**What is expected:**
The lines you return must be all those in the data that hold the string "same".

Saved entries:
Lemma alternating_exists : exists c, alternating c.
Proof.
  exists (fun m => if excluded_middle_informative (exists t, m = sel (S (2 * t))) then true else false).
  intros t _.
  destruct (excluded_middle_informative (exists s, sel (S (2 * t)) = sel (S (2 * s)))) as [_|H];
    [|exfalso; eauto].
  destruct (excluded_middle_informative (exists s, sel (2 * t) = sel (S (2 * s)))) as [[s Hs]|_];
    [|discriminate].
  apply pick_seq_inj in Hs; lia.
Qed.

Lemma sel_avoids_finite_deg_edge n k :
  finite_deg_edge n -> infinite_deg (target (Nat.div2 k)) -> sel k <> n.
Proof.
  intros [H1 H2] Hinf E.
  destruct (sel_incident k Hinf) as [Hx|Hx]; rewrite E in Hx; rewrite <- Hx in Hinf; tauto.
Qed.

Lemma alternating_flip c n : finite_deg_edge n -> alternating c -> alternating (flip c n).
Proof.
  intros Hn Hc t Ht; unfold flip.
  pose proof (sel_avoids_finite_deg_edge n (2 * t) Hn) as H0.
  pose proof (sel_avoids_finite_deg_edge n (S (2 * t)) Hn) as H1.
  rewrite Nat.div2_double in H0; rewrite Nat.div2_succ_double in H1.
  destruct (Nat.eqb_spec (sel (S (2 * t))) n), (Nat.eqb_spec (sel (2 * t)) n);
    [tauto|tauto|tauto|auto].
Qed.

Lemma finite_majority N : exists c, alternating c /\
  forall n, n < N -> finite_deg_edge n -> same line_adj N c n <= opp line_adj N c n.
Proof.
  destruct (exists_min_measure alternating (potential line_adj N) alternating_exists)
    as [c [Hc Hmin]].
  exists c; split; auto; intros n Hn Hfin.
  pose proof (Hmin _ (alternating_flip c n Hfin Hc)).
  pose proof (potential_flip line_adj line_adj_sym line_adj_irrefl N c n Hn); lia.
Qed.

Lemma opp_unbounded c n x : alternating c -> infinite_deg x ->
  x = fst (en n) \/ x = snd (en n) -> unbounded (fun m => line_adj n m /\ c m <> c n).
Proof.
  intros Hc Hx Hend N.
  destruct (target_recurrent n x (N + S n) Hend) as [t [Ht <-]].
  destruct (sel_pair_incident t Hx) as [H0 H1].
  pose proof (pick_seq_ge (fun k => incident (target (Nat.div2 k))) (2 * t)).
  pose proof (pick_seq_succ (fun k => incident (target (Nat.div2 k))) (2 * t)).
  fold sel in *.
  assert (Hadj : forall m, N + S n <= m -> incident (target t) m -> line_adj n m)
    by (intros m Hm; apply line_adj_of_incident; auto; lia).
  specialize (Hc t Hx).
  destruct (Bool.bool_dec (c (sel (2 * t))) (c n)) as [E|E].
  - exists (sel (S (2 * t))); split; [lia|split; [apply Hadj; auto; lia|congruence]].
  - exists (sel (2 * t)); split; [lia|split; [apply Hadj; auto; lia|auto]].
Qed.

Definition nbhd_bound (n : nat) : nat :=
  epsilon (inhabits 0) (fun B => forall m, line_adj n m -> m < B).

Lemma nbhd_bound_spec n : finite_deg_edge n -> forall m, line_adj n m -> m < nbhd_bound n.
Proof.
  intros Hn; apply (epsilon_spec (inhabits 0) (fun B => forall m, line_adj n m -> m < B)).
  apply line_adj_bounded, Hn.
Qed.

Definition stage_ok (k : nat) (c : nat -> bool) : Prop :=
  (finite_deg_edge k -> same line_adj (nbhd_bound k) c k <= opp line_adj (nbhd_bound k) c k) /\
  (infinite_deg (target k) -> c (sel (S (2 * k))) <> c (sel (2 * k))).

Definition stage_support (k : nat) : nat := nbhd_bound k + S k + S (sel (S (2 * k))).

Lemma stage_ok_local k c c' :
  (forall i, i < stage_support k -> c i = c' i) -> stage_ok k c -> stage_ok k c'.
Proof.
  unfold stage_support; intros Hagree [Hfin Halt].
  pose proof (pick_seq_succ (fun k => incident (target (Nat.div2 k))) (2 * k)); fold sel in *.
  assert (Hk : c k = c' k) by (apply Hagree; lia).
  split.
  - intros Hn; unfold same, opp.
    rewrite (count_ext _ (fun m => line_adj k m /\ c' m = c' k) (fun m => line_adj k m /\ c m = c k)),
      (count_ext _ (fun m => line_adj k m /\ c' m <> c' k) (fun m => line_adj k m /\ c m <> c k));
      [auto| |]; intros m Hm; rewrite Hk, (Hagree m) by lia; tauto.
  - intros Ht; rewrite <- !Hagree by lia; auto.
Qed.

Lemma stage_ok_finitely_satisfiable K : exists c, forall k, k < K -> stage_ok k c.
Proof.
  destruct (finite_majority (sum K stage_support)) as [c [Halt Hmaj]].
  exists c; intros k Hk; split; [|apply Halt].
  intros Hfin; pose proof (sum_ge_term K stage_support k Hk) as Hsupp.
  unfold stage_support at 1 in Hsupp.
  unfold same, opp.
  rewrite <- !(count_stable (nbhd_bound k) (sum K stage_support))
    by (lia || (intros m [Hm _]; apply nbhd_bound_spec; auto)).
  apply Hmaj; auto; lia.
Qed.

Theorem line_graph_majority_colouring : exists c : nat -> bool, forall n,
  card_le (fun m => line_adj n m /\ c m = c n) (fun m => line_adj n m /\ c m <> c n).
Proof.
  destruct (bool_seq_compactness stage_ok stage_support stage_ok_local
              stage_ok_finitely_satisfiable) as [c Hc].
  exists c; intros n.
  destruct (classic (finite_deg_edge n)) as [Hn|Hn].
  - apply (card_le_of_count (nbhd_bound n)); [|apply (Hc n), Hn].
    intros m [Hm _]; apply nbhd_bound_spec; auto.
  - apply card_le_of_unbounded.
    apply not_and_or in Hn as [Hx|Hx]; apply NNPP in Hx;
      [apply (opp_unbounded c n (fst (en n)))|apply (opp_unbounded c n (snd (en n)))];
      auto; intros t; apply (Hc t).
Qed.

End LineGraph.

Theorem mainTheorem5 (V : Type) (adj : V -> V -> Prop) :
  simple_graph adj -> countably_infinite V -> is_line_graph adj ->
  exists c : V -> bool, majority_2_colouring adj c.
Proof.
  (* Only the description of [adj] through [ends] is used, so H may be any multigraph. *)
  intros _ [f [finj fsurj]] [W [_ [ends [_ [_ [_ [_ Hadj]]]]]]].
  set (en := fun n => ends (f n)).
  destruct (line_graph_majority_colouring W en) as [c Hc].
  destruct (choice _ fsurj) as [g Hg].
  assert (Hgf : forall n, g (f n) = n) by (intros n; apply finj, Hg).
  assert (Hline : forall v n, adj v (f n) <-> line_adj W en (g v) n).
  { intros v n; rewrite <- (Hg v) at 1; rewrite Hadj; unfold line_adj, en.
    split; intros [Hne Hs]; split; auto. }
  exists (fun v => c (g v)); intros v.
  apply (card_le_transport f); auto.
  apply (card_le_mono (fun n => line_adj W en (g v) n /\ c n = c (g v))
                      (fun n => line_adj W en (g v) n /\ c n <> c (g v))); [| |apply Hc];
    unfold nbhd; intros n [Hvn Hcn]; rewrite Hgf in *; split; auto; apply Hline; auto.
Qed.
Lemma first_root (h : R -> R) a b : a < b ->
  (forall u, a <= u <= b -> continuity_pt h u) -> h a < 0 -> 0 <= h b ->
  exists z, a < z <= b /\ h z = 0 /\ forall u, a <= u < z -> h u < 0.
Proof.
  intros Hab Hc Ha Hb.
  set (E := fun x => a <= x <= b /\ forall u, a <= u <= x -> h u < 0).
  assert (HaE : E a) by (split; [lra|]; intros u Hu; replace u with a by lra; exact Ha).
  destruct (completeness E) as [m [Hub Hlub]].
  { exists b; intros x [Hx _]; lra. }
  { exists a; exact HaE. }
  assert (Ham : a <= m) by (apply Hub, HaE).
  assert (Hmb : m <= b) by (apply Hlub; intros x [Hx _]; lra).
  assert (Hbefore : forall u, a <= u < m -> h u < 0).
  { intros u Hu; destruct (Rlt_le_dec (h u) 0) as [Hneg|Hnonneg]; [exact Hneg|].
    assert (m <= u); [|lra].
    apply Hlub; intros x [_ Hx]; apply Rnot_lt_le; intro Hux.
    specialize (Hx u ltac:(lra)); lra. }
  destruct (Rtotal_order (h m) 0) as [Hneg|[Hzero|Hpos]].
  - exfalso.
    assert (Hmb' : m < b) by (destruct (Req_dec m b) as [->|]; lra).
    destruct (continuity_pt_eps h m (- h m) (Hc m ltac:(lra)) ltac:(lra))
      as [del [Hdel Hnear]].
    set (x := Rmin (m + del / 2) b).
    assert (Hmx : m < x) by (apply Rmin_glb_lt; lra).
    assert (Hx : x <= m + del / 2) by apply Rmin_l.
    enough (HEx : E x) by (specialize (Hub x HEx); lra).
    split; [split; [lra|apply Rmin_r]|].
    intros u Hu; destruct (Rlt_le_dec u m) as [Hum|Hmu]; [apply Hbefore; lra|].
    assert (Hd : Rabs (h u - h m) < - h m) by (apply Hnear; rewrite Rabs_right; lra).
    apply Rabs_def2 in Hd; lra.
  - exists m; split; [|split; [exact Hzero|exact Hbefore]].
    split; [destruct (Req_dec a m) as [<-|]; lra|exact Hmb].
  - exfalso.
    assert (Ham' : a < m) by (destruct (Req_dec a m) as [<-|]; lra).
    destruct (continuity_pt_eps h m (h m) (Hc m ltac:(lra)) Hpos) as [del [Hdel Hnear]].
    set (u := Rmax a (m - del / 2)).
    assert (Hum : u < m) by (apply Rmax_lub_lt; lra).
    assert (Hu : m - del / 2 <= u) by apply Rmax_r.
    assert (Hd : Rabs (h u - h m) < h m) by (apply Hnear; rewrite Rabs_left; lra).
    apply Rabs_def2 in Hd.
    specialize (Hbefore u (conj (Rmax_l _ _) Hum)); lra.
Qed.
Lemma supd_triangle V W X : supd V W <= supd V X + supd X W.
Proof.
apply: rb_supn_le => [|s]; first by rewrite addr_ge0 ?rb_supn_ge0.
rewrite (_ : V s - W s = (V s - X s) + (X s - W s)); last by ring.
exact: le_trans (ler_normD _ _) (lerD (ler_rb_supn _ _) (ler_rb_supn _ _)).
Qed.

Lemma supd_le0_eq V W : supd V W <= 0 -> V = W.
Proof.
move=> VW0; apply/funext => s; apply/eqP; rewrite -subr_eq0 -normr_le0.
exact: le_trans (ler_rb_supn _ s) VW0.
Qed.

End SupNorm.

Lemma lb_cvg0_le0 (R : realType) (a : R) (u : nat -> R) :
  u @ \oo --> 0 -> (forall n, a <= u n) -> a <= 0.
Proof. by move=> u0 au; apply: (cvgr_to_ge u0); apply: nearW. Qed.

Lemma cvg_geometric_nonneg (R : realType) (K g : R) : 0 <= g < 1 ->
  (fun n => K * g ^+ n) @ \oo --> 0.
Proof. by case/andP=> g0 g1; apply: cvg_geometric; rewrite ger0_norm. Qed.

Lemma contracted_recursion_cvg0 (R : realType) (g : R) (a eps : nat -> R) : 0 <= g < 1 ->
  (forall n, 0 <= a n) -> (forall n, a n.+1 <= g * a n + eps n) ->
  eps @ \oo --> 0 -> a @ \oo --> 0.
Proof.
move=> g01 a0 a_rec eps0; have /andP[g0 g1] := g01; apply/cvgrPdist_le => e e0.
have e2 : 0 < e / 2 by rewrite divr_gt0.
(* Perturbations below (1 - g) e/2 accumulate, geometrically damped, to at most e/2. *)
have e2g : 0 < e / 2 * (1 - g) by rewrite mulr_gt0 // subr_gt0.
have /cvgrPdist_le/(_ _ e2g)[N _ epsN] := eps0.
have a_tail k : a (N + k)%N <= a N * g ^+ k + e / 2.
  elim: k => [|k IH]; first by rewrite addn0 expr0 mulr1 lerDl ltW.
  rewrite addnS; apply: le_trans (a_rec _) _.
  have := epsN (N + k)%N (leq_addr _ _); rewrite /= sub0r normrN => eps_small.
  have := ler_wpM2l g0 IH; have := ler_norm (eps (N + k)%N).
  have -> : a N * g ^+ k.+1 + e / 2 = g * (a N * g ^+ k + e / 2) + e / 2 * (1 - g).
    by rewrite exprS; ring.
  lra.
have /cvgrPdist_le/(_ _ e2)[K _ gK] := cvg_geometric_nonneg (a N) g01.
exists (N + K)%N => // t /= Kt.
have Nt : (N <= t)%N by apply: leq_trans Kt; exact: leq_addr.
have := gK (t - N)%N; rewrite /= leq_subRL // => /(_ Kt).
rewrite sub0r normrN => small_tail.
have := a_tail (t - N)%N; rewrite subnKC // sub0r normrN ger0_norm //.
have := ler_norm (a N * g ^+ (t - N)).
have : e = e / 2 + e / 2 by field.
lra.
Qed.

Section ContractionFixedPoint.
Variables (R : realType) (S : finType) (g : R) (T : (S -> R) -> (S -> R)).
Hypotheses (g01 : 0 <= g < 1) (T_contr : gamma_contraction g T).

Let g_ge0 : 0 <= g. Proof. by case/andP: g01. Qed.
Let g_lt1 : g < 1. Proof. by case/andP: g01. Qed.

Let x n := iter n T (fun=> 0).
Let C := supd (x 1) (x 0) / (1 - g).

Let C_ge0 : 0 <= C.
Proof. by rewrite divr_ge0 ?rb_supn_ge0 ?subr_ge0 ?ltW. Qed.

Let Cg_ge0 n : 0 <= C * g ^+ n.
Proof. by rewrite mulr_ge0 ?exprn_ge0. Qed.

Lemma supd_iter_succ n : supd (x n.+1) (x n) <= C * (1 - g) * g ^+ n.
Proof.
rewrite mulfVK ?subr_eq0 ?gt_eqF //.
elim: n => [|n IH]; first by rewrite mulr1.
by rewrite exprS mulrCA; apply: le_trans (T_contr _ _) (ler_wpM2l g_ge0 IH).
Qed.

Lemma supd_iter_add n m : supd (x n) (x (n + m)%N) <= C * g ^+ n - C * g ^+ (n + m).
Proof.
elim: m => [|m IH].
  by rewrite addn0 subrr; apply: rb_supn_le => // s; rewrite subrr normr0.
apply: le_trans (supd_triangle _ _ (x (n + m)%N)) _.
rewrite [X in _ + X]supd_sym addnS exprS.
have := supd_iter_succ (n + m).
have -> : C * (1 - g) * g ^+ (n + m) = C * g ^+ (n + m) - C * (g * g ^+ (n + m)) by ring.
lra.
Qed.

Lemma supd_iter n m : (n <= m)%N -> supd (x n) (x m) <= C * g ^+ n.
Proof.
move=> nm; rewrite -(subnKC nm); apply: le_trans (supd_iter_add _ _) _.
by rewrite lerBlDr lerDl.
Qed.

Lemma cvg_iter_coord s : cvgn (fun n => x n s).
Proof.
apply/cauchy_cvgP; apply: cauchy_exP => e e0.
have /cvgrPdist_lt/(_ e e0)[N _ CgN] := cvg_geometric_nonneg C g01.
exists (x N s); exists N => // n /= Nn; rewrite -ball_normE /=.
apply: le_lt_trans (ler_rb_supn (fun s => x N s - x n s) s) _.
apply: le_lt_trans (supd_iter Nn) _.
by have := CgN N (leqnn N); rewrite /= sub0r normrN ger0_norm.
Qed.

Let L s := lim ((fun n => x n s) @ \oo).

Lemma supd_iter_lim n : supd (x n) L <= C * g ^+ n.
Proof.
apply: rb_supn_le => // s.
have xnL : (fun m => `|x n s - x m s|) @ \oo --> `|x n s - L s|.
  by apply: cvg_norm; apply: cvgB; [exact: cvg_cst | exact: cvg_iter_coord].
apply: (cvgr_to_le xnL); exists n => // m /= nm.
exact: le_trans (ler_rb_supn (fun s => x n s - x m s) s) (supd_iter nm).
Qed.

**Task output:**
  forall n, n < N -> finite_deg_edge n -> same line_adj N c n <= opp line_adj N c n.
  (finite_deg_edge k -> same line_adj (nbhd_bound k) c k <= opp line_adj (nbhd_bound k) c k) /\
  - intros Hn; unfold same, opp.
  unfold same, opp.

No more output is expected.